When dealing with fractional equations, finding the Least Common Multiple (LCM) of the denominators is crucial. The LCM is the smallest expression that both denominators can divide evenly. This helps to eliminate fractions and simplify the equation. In the given exercise, the denominator terms are \(3x - 5\) and \(x - 15\). To find the LCM, we multiply these expressions: \( (3x - 5)(x - 15) = 3x^2 - 60x + 75 \). This polynomial forms the LCM. Having a single common denominator allows us to clear fractions by multiplying each side of the equation by this LCM.

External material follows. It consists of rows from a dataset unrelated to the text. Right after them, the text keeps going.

Section ActionModule.
Variables (G : TopGroupoid) (R : fieldType) (X : choiceType) (A : gaction G X).
Local Notation S := (act_set A).
Local Notation p := (anchor A).
Local Notation a := (act A).
Local Notation mul := (@gmul G).
Local Notation inv := (@ginv G).
Local Notation M := (finsupp R S).

Definition act_fun (f : G -> R) (xi : X -> R) : X -> R := fun y =>
  if `[< S y >] then \sum_(g \in [set g | grng g = p y]) f g * xi (a (inv g) y)
  else 0.

Lemma act_anchorV g y : S y -> grng g = p y ->
  S (a (inv g) y) /\ p (a (inv g) y) = gdom g.
Proof. by move=> Sy e; rewrite -grngV; apply: act_anchor; rewrite ?gdomV. Qed.

Lemma actK g y : S y -> grng g = p y -> a g (a (inv g) y) = y.
Proof.
by move=> Sy e; rewrite -actM ?gdomV ?grngV // -/(grng g) e act_unit.
Qed.

Lemma act_fun_finsupp f xi : fin_fibres f -> finsupp_on S xi ->
  finsupp_on S (act_fun f xi).
Proof.
move=> [ff1 ff2] [fx px]; split; last first.
  by move=> y; rewrite /act_fun; case: (pselect (S y)) => // nS; rewrite asboolF ?eqxx.
apply: (@sub_finite_set _ _ (\bigcup_(x in [set x | xi x != 0])
     [set a g x | g in [set g | f g != 0 /\ gdom g = p x]])); last first.
  by apply: bigcup_finite => // x _; apply: finite_image.
move=> y /=; rewrite /act_fun; case: (pselect (S y)) => [Sy|nS]; last first.
  by rewrite asboolF ?eqxx.
rewrite asboolT // => /fsbig_neq0 [g /= e]; rewrite mulf_eq0 negb_or => /andP [fg xg].
have [Sx px'] := act_anchorV Sy e.
by exists (a (inv g) y) => //; exists g; [split | exact: actK].
Qed.

Lemma act_funDl f g xi : fin_fibres f -> fin_fibres g ->
  act_fun (fadd f g) xi = fun y => act_fun f xi y + act_fun g xi y.
Proof.
move=> [ff1 _] [fg1 _]; apply/funext => y; rewrite /act_fun.
case: (pselect (S y)) => [Sy|nS]; last by rewrite !asboolF ?addr0.
rewrite !asboolT // (eq_fsbigr (fun k => f k * xi (a (inv k) y) + g k * xi (a (inv k) y))).
  apply: (@fsbig_split_supp _ _ _
    ([set k | f k != 0 /\ grng k = p y] `|` [set k | g k != 0 /\ grng k = p y])).
  - by rewrite finite_setU.
  - by move=> k /= e; rewrite mulf_eq0 negb_or => /andP [? _]; left.
  - by move=> k /= e; rewrite mulf_eq0 negb_or => /andP [? _]; right.
by move=> k _; rewrite /fadd mulrDl.
Qed.

Lemma act_funDr f xi xi' : fin_fibres f ->
  act_fun f (fun t => xi t + xi' t) = fun y => act_fun f xi y + act_fun f xi' y.
Proof.
move=> [ff1 _]; apply/funext => y; rewrite /act_fun.
case: (pselect (S y)) => [Sy|nS]; last by rewrite !asboolF ?addr0.
rewrite !asboolT // (eq_fsbigr (fun k => f k * xi (a (inv k) y) + f k * xi' (a (inv k) y))).
  by apply: (@fsbig_split_supp _ _ _ [set k | f k != 0 /\ grng k = p y]) => // k /= e;
    rewrite mulf_eq0 negb_or => /andP [].
by move=> k _; rewrite mulrDr.
Qed.

Lemma act_fun_translate g xi al y : S y -> grng al = p y ->
  \sum_(k \in [set k | grng k = p y]) g (mul (inv al) k) * xi (a (inv k) y) =
  act_fun g xi (a (inv al) y).
Proof.
move=> Sy eal; have [Sz pz] := act_anchorV Sy eal.
rewrite /act_fun asboolT // pz.
rewrite (@reindex_fsbig_bij _ _ _ [set be | grng be = gdom al] _ (mul al)).
- apply: eq_fsbigr => be /set_mem /= ebe; have cab : gcomp al be by apply/gcompP.
  by rewrite gmulKV // ginvM // actM ?gdomV ?grngV.
- by move=> be /= ebe; rewrite grngM //; apply/gcompP.
- by move=> be be' /= e1 e2; apply: gmulI; apply/gcompP.
- move=> k /= ek; exists (mul (inv al) k); split; last by rewrite gmulKVr // ek.
  by rewrite /= grngM ?grngV //; apply/gcompP; rewrite gdomV eal.
Qed.

Lemma act_fun_conv f g xi : fin_fibres f -> fin_fibres g ->
  act_fun (conv f g) xi = act_fun f (act_fun g xi).
Proof.
move=> [ff1 _] [fg1 _]; apply/funext => y; rewrite {1 2}/act_fun.
case: (pselect (S y)) => [Sy|nS]; last by rewrite !asboolF.
rewrite !asboolT //.
pose Ky := [set k | grng k = p y].
rewrite (eq_fsbigr
  (fun k => \sum_(al \in Ky) f al * g (mul (inv al) k) * xi (a (inv k) y))); last first.
  by move=> k /set_mem /= e; rewrite (convE _ _ ff1) mulr_fsuml e.
rewrite (exchange_fsbig_supp
  (A := \bigcup_(al in [set al | f al != 0 /\ grng al = p y])
          [set mul al be | be in [set be | g be != 0 /\ grng be = gdom al]])
  (B := [set al | f al != 0 /\ grng al = p y])).
- apply: eq_fsbigr => al /set_mem /= eal.
  by rewrite -act_fun_translate // mulr_fsumr; apply: eq_fsbigr => k _; rewrite mulrA.
- by apply: bigcup_finite => // al _; apply: finite_image.
- exact: ff1.
move=> k al /= ek eal; rewrite !mulf_eq0 !negb_or => /andP [/andP [fa ga] _].
split => //; exists al => //; exists (mul (inv al) k); last by rewrite gmulKVr // ek eal.
by split => //; rewrite grngM ?grngV //; apply/gcompP; rewrite gdomV eal ek.
Qed.
(* Let $c\ge 1$, $\gamma>0$, and $\mathbf{T} = \begin{pmatrix}1\\ c\end{pmatrix}\in\mathbb{R}^{2\times 1}$. Define $H:\mathbb{R}\rightrightarrows\mathbb{R}$ by $y\in H(x)$ if and only if $x = \mathbf{T}^{\dagger}S_\gamma\mathbf{T}(x+y)$. Then for $x\ge 0$, $$H(x) = \begin{cases} \gamma\,[-\tfrac1c,\tfrac1c], & x=0,\\ \{\tfrac{\gamma}{c}+\tfrac{x}{c^2}\}, & x\in\big(0,\tfrac{\gamma(c-1)c}{c^2+1}\big],\\ \{\gamma\,\tfrac{1+c}{1+c^2}\}, & x>\tfrac{\gamma(c-1)c}{c^2+1},\end{cases}$$ and $H(x) = -H(-x)$ for $x<0$. Moreover, $H$ is the subdifferential of the even function $\Phi:\mathbb{R}\to\mathbb{R}$ given by $$\Phi(x) = \begin{cases} \tfrac{\gamma x}{c} + \tfrac{x^2}{2c^2}, & x\in\big[0,\tfrac{\gamma(c-1)c}{c^2+1}\big],\\ \gamma\,\tfrac{1+c}{1+c^2}\,x - \tfrac{\gamma^2(c-1)^2}{2(c^2+1)^2}, & x>\tfrac{\gamma(c-1)c}{c^2+1},\\ \Phi(-x), & x<0.\end{cases}$$
   Context: $\mathbf{T}^{\dagger} = \frac{1}{1+c^2}(1,c)$ is the Moore–Penrose inverse of $\mathbf{T}$. $S_\gamma:\mathbb{R}^2\to\mathbb{R}^2$ is componentwise soft shrinkage: $[S_\gamma(\mathbf{y})]_j = y_j-\gamma$ if $y_j\ge\gamma$, $y_j+\gamma$ if $y_j\le-\gamma$, $0$ if $|y_j|<\gamma$. The subdifferential of a convex $\Phi$ is $\partial\Phi(x)=\{y: y(\tilde x - x)\le \Phi(\tilde x)-\Phi(x)\ \forall \tilde x\in\mathbb{R}\}$. *)

From Stdlib Require Import Reals.
Open Scope R_scope.

Definition soft (g y : R) : R :=
  if Rle_dec g y then y - g
  else if Rle_dec y (- g) then y + g
  else 0.

Definition Tmap (c x : R) : R * R := (x, c * x).

Definition S2 (g : R) (v : R * R) : R * R := (soft g (fst v), soft g (snd v)).

(* Moore-Penrose inverse T^dagger = 1/(1+c^2) (1, c) : R^2 -> R *)
Definition Tdag (c : R) (v : R * R) : R := / (1 + c ^ 2) * (fst v + c * snd v).

Definition Hrel (c g x y : R) : Prop := x = Tdag c (S2 g (Tmap c (x + y))).

Definition thr (c g : R) : R := g * (c - 1) * c / (c ^ 2 + 1).

Definition Hpos (c g x y : R) : Prop :=
  (x = 0 /\ g * (- / c) <= y <= g * (/ c)) \/
  (0 < x <= thr c g /\ y = g / c + x / c ^ 2) \/
  (thr c g < x /\ y = g * ((1 + c) / (1 + c ^ 2))).

Definition Phi_pos (c g x : R) : R :=
  if Rle_dec x (thr c g) then g * x / c + x ^ 2 / (2 * c ^ 2)
  else g * ((1 + c) / (1 + c ^ 2)) * x
       - g ^ 2 * (c - 1) ^ 2 / (2 * (c ^ 2 + 1) ^ 2).

Definition Phi (c g x : R) : R :=
  if Rle_dec 0 x then Phi_pos c g x else Phi_pos c g (- x).

Definition subdiff (F : R -> R) (x y : R) : Prop :=
  forall xt : R, y * (xt - x) <= F xt - F x.

(* With z = x + y the relation y ∈ H(x) reads (1 + c^2) x = s(z), where
   s(z) = S_γ(z) + c S_γ(c z) is odd, vanishes on [-γ/c, γ/c], equals
   c (c z - γ) on [γ/c, γ] and (1 + c^2) z - (1 + c) γ beyond; solving for z
   gives H.  On [0, oo), Φ is the Huber-type function m x + b x^2/2 up to the
   threshold T and affine with the same slope m + b T afterwards, where m = γ/c,
   b = 1/c^2.  Its tangent lines lie below it, so the claimed values are
   subgradients of Φ = huber(|.|); and it lies below the parabolas
   f(x) + f'(x) (t - x) + b (t - x)^2/2, which forces every subgradient at
   x > 0 to be f'(x) and every subgradient at 0 to lie in [-m, m]. *)

From Stdlib Require Import Reals Lra Psatz.
Open Scope R_scope.

Lemma soft_opp g v : 0 <= g -> soft g (- v) = - soft g v.
Proof. intros hg; unfold soft; repeat destruct Rle_dec; lra. Qed.

Lemma soft_small g v : - g <= v <= g -> soft g v = 0.
Proof. intros hv; unfold soft; repeat destruct Rle_dec; lra. Qed.

Lemma soft_large g v : g <= v -> soft g v = v - g.
Proof. intros hv; unfold soft; destruct Rle_dec; lra. Qed.

Definition shrink_sum (c g z : R) : R := soft g z + c * soft g (c * z).

Lemma Hrel_iff_shrink_sum c g x y :
  Hrel c g x y <-> (1 + c ^ 2) * x = shrink_sum c g (x + y).
Proof.
  unfold Hrel, Tdag, S2, Tmap, shrink_sum; cbn [fst snd].
  assert (hpos : 0 < 1 + c ^ 2) by nra.
  split; intros H.
  - rewrite H at 1; field; lra.
  - apply (Rmult_eq_reg_l (1 + c ^ 2)); [rewrite H; field|]; lra.
Qed.

Lemma shrink_sum_opp c g z : 0 <= g -> shrink_sum c g (- z) = - shrink_sum c g z.
Proof.
  intros hg; unfold shrink_sum; rewrite <- Ropp_mult_distr_r, !soft_opp by lra; ring.
Qed.

Lemma Hrel_opp c g x y : 0 <= g -> Hrel c g x y <-> Hrel c g (- x) (- y).
Proof.
  intros hg; rewrite !Hrel_iff_shrink_sum, <- Ropp_plus_distr, shrink_sum_opp by exact hg.
  split; intros; lra.
Qed.

Lemma Phi_opp c g x : Phi c g (- x) = Phi c g x.
Proof.
  unfold Phi; rewrite Ropp_involutive.
  destruct (Rle_dec 0 (- x)), (Rle_dec 0 x); try reflexivity; try lra.
  replace x with 0 by lra; rewrite Ropp_0; reflexivity.
Qed.

Lemma thr_mul c g : thr c g * (c ^ 2 + 1) = g * (c - 1) * c.
Proof. unfold thr; field; nra. Qed.

Lemma le_thr_iff c g x : x <= thr c g <-> x * (c ^ 2 + 1) <= g * (c - 1) * c.
Proof. rewrite <- thr_mul; split; intros; nra. Qed.

Lemma thr_lt_iff c g x : thr c g < x <-> g * (c - 1) * c < x * (c ^ 2 + 1).
Proof. rewrite <- thr_mul; split; intros; nra. Qed.

Lemma thr_nonneg c g : 1 <= c -> 0 <= g -> 0 <= thr c g.
Proof.
  intros hc hg; pose proof (thr_mul c g).
  assert (0 <= g * (c - 1) * c) by (apply Rmult_le_pos; [apply Rmult_le_pos |]; lra).
  nra.
Qed.

Section ShrinkSum.

Variables c g : R.
Hypothesis hc : 1 <= c.
Hypothesis hg : 0 < g.

Let c_div : c * (g / c) = g. Proof. field; lra. Qed.
Let div_le : g / c <= g. Proof. nra. Qed.

Lemma shrink_sum_small z : - (g / c) <= z <= g / c -> shrink_sum c g z = 0.
Proof.
  intros hz; unfold shrink_sum; pose proof c_div; pose proof div_le.
  rewrite (soft_small g z), (soft_small g (c * z)) by nra; ring.
Qed.

Lemma shrink_sum_mid z : g / c <= z <= g -> shrink_sum c g z = c * (c * z - g).
Proof.
  intros hz; unfold shrink_sum; pose proof c_div.
  rewrite (soft_small g z), (soft_large g (c * z)) by nra; ring.
Qed.

Lemma shrink_sum_large z : g <= z -> shrink_sum c g z = (1 + c ^ 2) * z - (1 + c) * g.
Proof.
  intros hz; unfold shrink_sum.
  rewrite (soft_large g z), (soft_large g (c * z)) by nra; ring.
Qed.

Lemma shrink_sum_pos z : g / c < z -> 0 < shrink_sum c g z.
Proof.
  intros hz; pose proof c_div.
  assert (g < c * z) by nra.
  destruct (Rle_dec z g).
  - rewrite shrink_sum_mid by lra; nra.
  - rewrite shrink_sum_large by lra; nra.
Qed.

Lemma shrink_sum_eq_Hpos x y :
  0 <= x -> (1 + c ^ 2) * x = shrink_sum c g (x + y) -> Hpos c g x y.
Proof.
  intros hx H; unfold Hpos; rewrite le_thr_iff, thr_lt_iff.
  pose proof c_div; pose proof div_le.
  set (z := x + y) in H; replace y with (z - x) by (unfold z; ring); clearbody z.
  destruct (Rlt_le_dec z (- (g / c))) as [hz | hz].
  - pose proof (shrink_sum_pos (- z)); rewrite shrink_sum_opp in * by lra; nra.
  - destruct (Rle_dec z (g / c)); [|destruct (Rle_dec z g)].
    + rewrite shrink_sum_small in H by lra.
      assert (x = 0) by nra; left; repeat split; unfold Rdiv in *; nra.
    + rewrite shrink_sum_mid in H by lra.
      assert (g < c * z) by nra.
      assert (0 <= c * c * (g - z)) by (apply Rmult_le_pos; nra).
      right; left; split; [split; nra|].
      apply (Rmult_eq_reg_l (c ^ 2)); [|nra].
      replace (c ^ 2 * (g / c + x / c ^ 2)) with (c * g + x) by (field; lra); nra.
    + rewrite shrink_sum_large in H by lra.
      right; right; split; [nra|].
      apply (Rmult_eq_reg_l (1 + c ^ 2)); [|nra].
      replace ((1 + c ^ 2) * (g * ((1 + c) / (1 + c ^ 2)))) with ((1 + c) * g)
        by (field; nra); lra.
Qed.

Lemma Hpos_shrink_sum_eq x y :
  Hpos c g x y -> (1 + c ^ 2) * x = shrink_sum c g (x + y).
Proof.
  unfold Hpos; rewrite le_thr_iff, thr_lt_iff.
  pose proof c_div; assert (hc2 : 0 < c ^ 2) by nra.
  intros [[-> hy] | [[[hx hxt] ->] | [hxt ->]]].
  - rewrite shrink_sum_small; [ring | unfold Rdiv in *; split; nra].
  - assert (hz : c ^ 2 * (x + (g / c + x / c ^ 2)) = (1 + c ^ 2) * x + c * g)
      by (field; lra).
    rewrite shrink_sum_mid; [nra | split; nra].
  - assert (hz : (1 + c ^ 2) * (x + g * ((1 + c) / (1 + c ^ 2)))
                 = (1 + c ^ 2) * x + (1 + c) * g) by (field; nra).
    rewrite shrink_sum_large; nra.
Qed.

Lemma Hrel_iff_Hpos x y : 0 <= x -> Hrel c g x y <-> Hpos c g x y.
Proof.
  intros hx; rewrite Hrel_iff_shrink_sum.
  split; [apply shrink_sum_eq_Hpos; exact hx | apply Hpos_shrink_sum_eq].
Qed.

End ShrinkSum.

Lemma le_of_forall_small_pos e K d : 0 <= K -> 0 < d ->
  (forall s, 0 < s < d -> e <= K * s) -> e <= 0.
Proof.
  intros hK hd H; apply Rnot_lt_le; intros he.
  assert (he' : e / (2 * (K + 1)) * (2 * (K + 1)) = e) by (field; lra).
  pose proof (Rmin_l (d / 2) (e / (2 * (K + 1)))) as hsd.
  pose proof (Rmin_r (d / 2) (e / (2 * (K + 1)))) as hse.
  assert (hs0 : 0 < Rmin (d / 2) (e / (2 * (K + 1))))
    by (apply Rmin_glb_lt; apply Rdiv_lt_0_compat; lra).
  set (s := Rmin (d / 2) (e / (2 * (K + 1)))) in *.
  specialize (H s ltac:(lra)); nra.
Qed.

Lemma subdiff_le_of_upper F x y d K r : 0 <= K -> 0 < r ->
  (forall s, 0 < s < r -> F (x + s) <= F x + d * s + K * s ^ 2) ->
  subdiff F x y -> y <= d.
Proof.
  intros hK hr HF Hy.
  enough (y - d <= 0) by lra.
  apply (le_of_forall_small_pos _ K r hK hr); intros s hs.
  specialize (Hy (x + s)); specialize (HF s hs).
  replace (x + s - x) with s in Hy by ring; nra.
Qed.

Lemma subdiff_ge_of_upper F x y d K r : 0 <= K -> 0 < r ->
  (forall s, 0 < s < r -> F (x - s) <= F x - d * s + K * s ^ 2) ->
  subdiff F x y -> d <= y.
Proof.
  intros hK hr HF Hy.
  enough (d - y <= 0) by lra.
  apply (le_of_forall_small_pos _ K r hK hr); intros s hs.
  specialize (Hy (x - s)); specialize (HF s hs).
  replace (x - s - x) with (- s) in Hy by ring; nra.
Qed.

Lemma subdiff_opp F x y : (forall t, F (- t) = F t) ->
  subdiff F x y -> subdiff F (- x) (- y).
Proof.
  intros HF Hy t; specialize (Hy (- t)); rewrite HF in Hy; rewrite HF; nra.
Qed.

Lemma subdiff_ext F G x y : (forall t, F t = G t) ->
  subdiff F x y -> subdiff G x y.
Proof. intros HFG Hy t; rewrite <- !HFG; apply Hy. Qed.

Section Huber.

Variables m b T : R.
Hypothesis hm : 0 <= m.
Hypothesis hb : 0 <= b.
Hypothesis hT : 0 <= T.

Definition huber (x : R) : R :=
  if Rle_dec x T then m * x + b * x ^ 2 / 2 else (m + b * T) * x - b * T ^ 2 / 2.

Definition huber_slope (x : R) : R := m + b * Rmin x T.

Lemma huber_tangent x t : 0 <= x -> 0 <= t ->
  huber x + huber_slope x * (t - x) <= huber t.
Proof.
  intros hx ht; unfold huber, huber_slope.
  destruct (Rle_dec x T), (Rle_dec t T).
  - rewrite Rmin_left by lra.
    assert (0 <= b * (t - x) ^ 2) by (apply Rmult_le_pos; [lra | apply pow2_ge_0]); nra.
  - rewrite Rmin_left by lra.
    assert (0 <= b * ((T - x) * (2 * t - T - x))) by (apply Rmult_le_pos; nra); nra.
  - rewrite Rmin_right by lra.
    assert (0 <= b * (t - T) ^ 2) by (apply Rmult_le_pos; [lra | apply pow2_ge_0]); nra.
  - rewrite Rmin_right by lra; lra.
Qed.

Lemma huber_upper x t : 0 <= x -> 0 <= t ->
  huber t <= huber x + huber_slope x * (t - x) + b / 2 * (t - x) ^ 2.
Proof.
  intros hx ht; unfold huber, huber_slope.
  destruct (Rle_dec x T), (Rle_dec t T).
  - rewrite Rmin_left by lra; lra.
  - rewrite Rmin_left by lra.
    assert (0 <= b * (t - T) ^ 2) by (apply Rmult_le_pos; [lra | apply pow2_ge_0]); nra.
  - rewrite Rmin_right by lra.
    assert (0 <= b * ((x - T) * (x + T - 2 * t))) by (apply Rmult_le_pos; nra); nra.
  - rewrite Rmin_right by lra.
    assert (0 <= b * (t - x) ^ 2) by (apply Rmult_le_pos; [lra | apply pow2_ge_0]); nra.
Qed.

Lemma huber_0 : huber 0 = 0.
Proof. unfold huber; destruct Rle_dec; lra. Qed.

Lemma huber_slope_0 : huber_slope 0 = m.
Proof. unfold huber_slope; rewrite Rmin_left by lra; ring. Qed.

Lemma huber_slope_nonneg x : 0 <= x -> 0 <= huber_slope x.
Proof.
  intros hx; unfold huber_slope.
  assert (0 <= Rmin x T) by (apply Rmin_glb; lra); nra.
Qed.

Definition huber_subgrad (x y : R) : Prop :=
  (x = 0 /\ - m <= y <= m) \/ (0 < x /\ y = huber_slope x).

Lemma subdiff_huber_abs x y : 0 <= x ->
  subdiff (fun t => huber (Rabs t)) x y <-> huber_subgrad x y.
Proof.
  intros hx; unfold huber_subgrad; split.
  - intros H; destruct (Rle_lt_or_eq_dec 0 x hx) as [hx0 | <-].
    + right; split; [exact hx0 | apply Rle_antisym].
      * refine (subdiff_le_of_upper _ x y _ (b / 2) 1 _ _ _ H); [lra | lra |].
        intros s hs; rewrite !Rabs_pos_eq by lra.
        pose proof (huber_upper x (x + s)); nra.
      * refine (subdiff_ge_of_upper _ x y _ (b / 2) x _ _ _ H); [lra | exact hx0 |].
        intros s hs; rewrite !Rabs_pos_eq by lra.
        pose proof (huber_upper x (x - s)); nra.
    + left; split; [reflexivity | split].
      * refine (subdiff_ge_of_upper _ 0 y (- m) (b / 2) 1 _ _ _ H); [lra | lra |].
        intros s hs; rewrite Rabs_R0, Rminus_0_l, Rabs_Ropp, Rabs_pos_eq by lra.
        pose proof (huber_upper 0 s); rewrite huber_slope_0 in *; nra.
      * refine (subdiff_le_of_upper _ 0 y m (b / 2) 1 _ _ _ H); [lra | lra |].
        intros s hs; rewrite Rabs_R0, Rplus_0_l, Rabs_pos_eq by lra.
        pose proof (huber_upper 0 s); rewrite huber_slope_0 in *; nra.
  - intros [[-> hy] | [hx0 ->]] t; cbv beta.
    + pose proof (huber_tangent 0 (Rabs t) (Rle_refl 0) (Rabs_pos t)) as Ht.
      rewrite huber_0, huber_slope_0 in Ht.
      assert (y * t <= m * Rabs t).
      { eapply Rle_trans; [apply Rle_abs|].
        rewrite Rabs_mult; apply Rmult_le_compat_r;
          [apply Rabs_pos | apply Rabs_le; lra]. }
      rewrite Rabs_R0, huber_0; lra.
    + pose proof (huber_tangent x (Rabs t) hx (Rabs_pos t)).
      pose proof (huber_slope_nonneg x hx); pose proof (Rle_abs t).
      rewrite (Rabs_pos_eq x hx); nra.
Qed.

End Huber.

Section PhiHuber.

Variables c g : R.
Hypothesis hc : 1 <= c.
Hypothesis hg : 0 < g.

Lemma Phi_huber_abs x : Phi c g x = huber (g / c) (/ c ^ 2) (thr c g) (Rabs x).
Proof.
  assert (Phi_pos_huber : forall t, Phi_pos c g t = huber (g / c) (/ c ^ 2) (thr c g) t).
  { intros t; unfold Phi_pos, huber, thr; destruct Rle_dec; field; nra. }
  unfold Phi; destruct Rle_dec.
  - rewrite Rabs_pos_eq by lra; apply Phi_pos_huber.
  - rewrite Rabs_left by lra; apply Phi_pos_huber.
Qed.

Lemma Hpos_iff_huber_subgrad x y :
  Hpos c g x y <-> huber_subgrad (g / c) (/ c ^ 2) (thr c g) x y.
Proof.
  unfold Hpos, huber_subgrad, huber_slope.
  replace (g / c + x / c ^ 2) with (g / c + / c ^ 2 * x) by (field; lra).
  replace (g * ((1 + c) / (1 + c ^ 2))) with (g / c + / c ^ 2 * thr c g)
    by (unfold thr; field; nra).
  replace (g * - / c) with (- (g / c)) by (field; lra).
  pose proof (thr_nonneg c g hc (Rlt_le _ _ hg)).
  destruct (Rle_dec x (thr c g)); [rewrite Rmin_left | rewrite Rmin_right]; lra.
Qed.

End PhiHuber.

Theorem lemma2p1 (c g : R) (hc : 1 <= c) (hg : 0 < g) :
  (forall x y : R, 0 <= x -> (Hrel c g x y <-> Hpos c g x y)) /\
  (forall x y : R, x < 0 -> (Hrel c g x y <-> Hrel c g (- x) (- y))) /\
  (forall x : R, Phi c g (- x) = Phi c g x) /\
  (forall x y : R, Hrel c g x y <-> subdiff (Phi c g) x y).
Proof.
  assert (hm : 0 <= g / c) by (apply Rlt_le, Rdiv_lt_0_compat; lra).
  assert (hb : 0 <= / c ^ 2) by (apply Rlt_le, Rinv_0_lt_compat; nra).
  pose proof (thr_nonneg c g hc (Rlt_le _ _ hg)) as hT.
  assert (Hsub : forall x y, 0 <= x -> Hrel c g x y <-> subdiff (Phi c g) x y).
  { intros x y hx.
    rewrite Hrel_iff_Hpos, Hpos_iff_huber_subgrad, <- subdiff_huber_abs by assumption.
    split; apply subdiff_ext; intros t;
      rewrite Phi_huber_abs by assumption; reflexivity. }
  split; [exact (Hrel_iff_Hpos c g hc hg)|].
  split; [intros x y _; apply Hrel_opp; lra|].
  split; [exact (Phi_opp c g)|].
  intros x y; destruct (Rle_or_lt 0 x) as [hx | hx]; [exact (Hsub x y hx)|].
  rewrite Hrel_opp, Hsub by lra.
  split; intros H.
  - rewrite <- (Ropp_involutive x), <- (Ropp_involutive y).
    apply subdiff_opp; [exact (Phi_opp c g) | exact H].
  - apply subdiff_opp; [exact (Phi_opp c g) | exact H].
Qed.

Solving equations involves isolating the unknown variable on one side of the equation. Once the equation is cleared of fractions by multiplying with the LCM, it is time to simplify and solve. In our example, multiplying by the LCM gives the new equation:

• \(2(x - 15) = 4(3x - 5)\) transforms into \(2x - 30 = 12x - 20\)

The goal is to collect like terms and solve for \(x\). By rearranging, you'll have the equation \(-10x = 10\). By dividing both sides by \(-10\), you find \(x = -1\). This technique of moving terms and dividing is pivotal in finding where the variable stands alone.

Fractional equations involve complicated-looking fractions that can be simplified by proper manipulation. These equations have variables in the denominator and require special steps for solving. You start by clearing fractions using the common denominator, simplifying the structure. After that, tackle it as a regular algebraic problem to isolate the variable. Begin with a clear understanding of each fraction's equivalence in the system:

• Substitute terms thoughtfully and check back into the original equation

Once simplified, ensure your values are correct by substituting back, as verification confirms your solution. Thus, when we solved \(x = -1\) and plugged it back into our original equation, both sides matched, confirming our answer. Remember, managing these fractions initially and testing the result guarantees the equation solution is correct.